(Input records begins)

(* Let $h:\mathbb{R}\to\mathbb{R}$ be continuous and let $u_1,u_2$ be linearly independent real solutions of $u''(x)+h(x)u(x)=0$. (i) For any matrix in $GL(2,\mathbb{R})$, the pair of solutions obtained by applying it to $(u_1,u_2)$ is again linearly independent, so the action of $GL(2,\mathbb{R})$ on the span of the solutions induces (via the map of the context) a local isomorphism of the Poincaré upper half plane $\mathbb{H}$. (ii) For real constants $A,B$, not both zero, let $u(x)=Au_1(x)+Bu_2(x)$ and \[ Y(x,\varPhi)=\frac{\varPhi}{\varPhi^2[u(x)]^2+[u'(x)]^2}. \] Then $Y$ (depending on the two parameters $A,B$) is a complete integral of the partial differential equation \[ \left(\frac{\varPhi}{h(x)-\varPhi^{2}}\frac{\partial Y}{\partial x}(x,\varPhi)\right)^{2}+\left(\varPhi\frac{\partial Y}{\partial\varPhi}(x,\varPhi)\right)^{2}=Y^2(x,\varPhi) \] on $\{(x,\varPhi)\mid\varPhi>0,\ \varPhi^2\neq h(x)\}$.
   Context: For linearly independent solutions $v_1,v_2$ of $u''+hu=0$ with Wronskian $W=v_1'v_2-v_1v_2'$, the map $(x,\varPhi)\mapsto(X,Y)$, $X=X_0\pm W^{-1}\frac{\varPhi^2v_1v_2+v_1'v_2'}{\varPhi^2v_1^2+(v_1')^2}$, $Y=\frac{\varPhi}{\varPhi^2v_1^2+(v_1')^2}$, is a local diffeomorphism pulling back $g_{\mathbb{H}}=(dX^2+dY^2)/Y^2$ on $\{Y>0\}$ to $g_h=\left[(h(x)-\varPhi^2)^2dx^2+d\varPhi^2\right]/\varPhi^2$ on $\{\varPhi>0,\ \varPhi^2\neq h(x)\}$. *)

From Stdlib Require Import Reals.
From Coquelicot Require Import Coquelicot.
Open Scope R_scope.

Definition is_sol (h u : R -> R) : Prop :=
  forall x, ex_derive u x /\ is_derive (Derive u) x (- h x * u x).

Definition lin_indep (v1 v2 : R -> R) : Prop :=
  forall a b : R, (forall x, a * v1 x + b * v2 x = 0) -> a = 0 /\ b = 0.

Definition Dom (h : R -> R) (x Phi : R) : Prop := 0 < Phi /\ Phi ^ 2 <> h x.

Definition pdx (f : R -> R -> R) (x y : R) : R := Derive (fun t => f t y) x.
Definition pdy (f : R -> R -> R) (x y : R) : R := Derive (fun s => f x s) y.

Definition C1_on (V : R * R -> Prop) (f : R -> R -> R) : Prop :=
  forall p : R * R, V p ->
    ex_derive (fun t => f t (snd p)) (fst p) /\
    ex_derive (fun s => f (fst p) s) (snd p) /\
    continuous (fun q : R * R => pdx f (fst q) (snd q)) p /\
    continuous (fun q : R * R => pdy f (fst q) (snd q)) p.

Definition local_diffeo (U : R -> R -> Prop) (X Y : R -> R -> R) : Prop :=
  forall x0 y0, U x0 y0 ->
  exists (V W : R * R -> Prop) (G1 G2 : R -> R -> R),
    open V /\ open W /\ V (x0, y0) /\
    (forall p : R * R, V p -> U (fst p) (snd p)) /\
    (forall p : R * R, V p ->
        W (X (fst p) (snd p), Y (fst p) (snd p)) /\
        G1 (X (fst p) (snd p)) (Y (fst p) (snd p)) = fst p /\
        G2 (X (fst p) (snd p)) (Y (fst p) (snd p)) = snd p) /\
    (forall w : R * R, W w ->
        V (G1 (fst w) (snd w), G2 (fst w) (snd w)) /\
        X (G1 (fst w) (snd w)) (G2 (fst w) (snd w)) = fst w /\
        Y (G1 (fst w) (snd w)) (G2 (fst w) (snd w)) = snd w) /\
    C1_on V X /\ C1_on V Y /\ C1_on W G1 /\ C1_on W G2.

(* The pull-back of g_H = (dX^2+dY^2)/Y^2 by (X,Y) equals
   g_h = [(h(x)-Phi^2)^2 dx^2 + dPhi^2]/Phi^2 at every point of U,
   and (X,Y) lands in the upper half plane {Y > 0}. *)
Definition pullback_gH_is_gh (h : R -> R) (U : R -> R -> Prop) (X Y : R -> R -> R) : Prop :=
  forall x Phi, U x Phi ->
    0 < Y x Phi /\
    (pdx X x Phi ^ 2 + pdx Y x Phi ^ 2) / (Y x Phi) ^ 2 = (h x - Phi ^ 2) ^ 2 / Phi ^ 2 /\
    (pdx X x Phi * pdy X x Phi + pdx Y x Phi * pdy Y x Phi) / (Y x Phi) ^ 2 = 0 /\
    (pdy X x Phi ^ 2 + pdy Y x Phi ^ 2) / (Y x Phi) ^ 2 = 1 / Phi ^ 2.

Definition wronsk (v1 v2 : R -> R) (x : R) : R :=
  Derive v1 x * v2 x - v1 x * Derive v2 x.

(* The map of the context; s = +1 or -1 encodes the sign choice. *)
Definition ctxX (v1 v2 : R -> R) (X0 s : R) (x Phi : R) : R :=
  X0 + s * / wronsk v1 v2 x *
    ((Phi ^ 2 * v1 x * v2 x + Derive v1 x * Derive v2 x)
       / (Phi ^ 2 * (v1 x) ^ 2 + (Derive v1 x) ^ 2)).

Definition ctxY (v1 : R -> R) (x Phi : R) : R :=
  Phi / (Phi ^ 2 * (v1 x) ^ 2 + (Derive v1 x) ^ 2).

Definition solves_PDE (h : R -> R) (U : R -> R -> Prop) (Y : R -> R -> R) : Prop :=
  forall x Phi, U x Phi ->
    ex_derive (fun t => Y t Phi) x /\ ex_derive (fun s => Y x s) Phi /\
    (Phi / (h x - Phi ^ 2) * pdx Y x Phi) ^ 2 + (Phi * pdy Y x Phi) ^ 2 = (Y x Phi) ^ 2.

(* Complete integral (classical sense) of the PDE on U, for a two-parameter
   family Yp A B, parameters ranging over P: every member solves the PDE, and
   the 2x3 matrix  [[Y_A, Y_xA, Y_PhiA], [Y_B, Y_xB, Y_PhiB]]  has rank 2
   (its two rows are linearly independent) at every point. *)
Definition complete_integral (h : R -> R) (U : R -> R -> Prop) (P : R -> R -> Prop)
    (Yp : R -> R -> R -> R -> R) : Prop :=
  (forall A B, P A B -> solves_PDE h U (Yp A B)) /\
  (forall A B x Phi, P A B -> U x Phi ->
    let rA1 := fun a => Yp a B x Phi in
    let rA2 := fun a => pdx (Yp a B) x Phi in
    let rA3 := fun a => pdy (Yp a B) x Phi in
    let rB1 := fun b => Yp A b x Phi in
    let rB2 := fun b => pdx (Yp A b) x Phi in
    let rB3 := fun b => pdy (Yp A b) x Phi in
    ex_derive rA1 A /\ ex_derive rA2 A /\ ex_derive rA3 A /\
    ex_derive rB1 B /\ ex_derive rB2 B /\ ex_derive rB3 B /\
    (forall al be : R,
       al * Derive rA1 A + be * Derive rB1 B = 0 ->
       al * Derive rA2 A + be * Derive rB2 B = 0 ->
       al * Derive rA3 A + be * Derive rB3 B = 0 ->
       al = 0 /\ be = 0)).

Definition Yfam (u1 u2 : R -> R) (A B x Phi : R) : R :=
  ctxY (fun t => A * u1 t + B * u2 t) x Phi.

(* Solutions of [u'' + h u = 0] have a constant Wronskian, and a Gronwall estimate on
   [u^2 + u'^2] shows that a solution vanishing together with its derivative at one point
   vanishes identically.  Hence the Wronskian [W] of independent solutions never vanishes and
   [Phi^2 v^2 + v'^2 > 0] for every nonzero solution [v] and [Phi <> 0].  The pull-back of the
   hyperbolic metric and the partial differential equation for [Y] are then direct computations
   using [v'' = - h v].

   To invert [(x, Phi) |-> (X, Y)], put [a = s W (X - X0)] and [b = W Y]: then [x] is a root of
   an explicit equation [K(x, a, b) = 0] and [Phi] is a rational function of [(x, a, b)].  Since
   [dK/dx = W^2 (Phi^2 - h) / (Phi^2 v1^2 + v1'^2)] does not vanish where [Phi^2 <> h], the
   implicit function theorem yields a C^1 local inverse.

   The functions [Y], [Y_x], [Y_Phi] depend on [(A, B)] only through [(u(x), u'(x))], an
   invertible linear image of [(A, B)], and their Jacobian with respect to [(u, u')] has rank 2
   when [Phi > 0] and [Phi^2 <> h]; this is the completeness of the integral. *)

From Stdlib Require Import Reals Lra Psatz FunctionalExtensionality ClassicalEpsilon.
From Coquelicot Require Import Coquelicot.
Open Scope R_scope.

(Input records ends)

- _Exercise_
Write out, from the lines above, only those from the line with "((Phi ^ 2 * v1" to the line with "let rB2 := fun b => pdx (Yp A b) x Phi in", exactly as given, including the first and the last.

- _Response area_
    ((Phi ^ 2 * v1 x * v2 x + Derive v1 x * Derive v2 x)
       / (Phi ^ 2 * (v1 x) ^ 2 + (Derive v1 x) ^ 2)).

Definition ctxY (v1 : R -> R) (x Phi : R) : R :=
  Phi / (Phi ^ 2 * (v1 x) ^ 2 + (Derive v1 x) ^ 2).

Definition solves_PDE (h : R -> R) (U : R -> R -> Prop) (Y : R -> R -> R) : Prop :=
  forall x Phi, U x Phi ->
    ex_derive (fun t => Y t Phi) x /\ ex_derive (fun s => Y x s) Phi /\
    (Phi / (h x - Phi ^ 2) * pdx Y x Phi) ^ 2 + (Phi * pdy Y x Phi) ^ 2 = (Y x Phi) ^ 2.

(* Complete integral (classical sense) of the PDE on U, for a two-parameter
   family Yp A B, parameters ranging over P: every member solves the PDE, and
   the 2x3 matrix  [[Y_A, Y_xA, Y_PhiA], [Y_B, Y_xB, Y_PhiB]]  has rank 2
   (its two rows are linearly independent) at every point. *)
Definition complete_integral (h : R -> R) (U : R -> R -> Prop) (P : R -> R -> Prop)
    (Yp : R -> R -> R -> R -> R) : Prop :=
  (forall A B, P A B -> solves_PDE h U (Yp A B)) /\
  (forall A B x Phi, P A B -> U x Phi ->
    let rA1 := fun a => Yp a B x Phi in
    let rA2 := fun a => pdx (Yp a B) x Phi in
    let rA3 := fun a => pdy (Yp a B) x Phi in
    let rB1 := fun b => Yp A b x Phi in
    let rB2 := fun b => pdx (Yp A b) x Phi in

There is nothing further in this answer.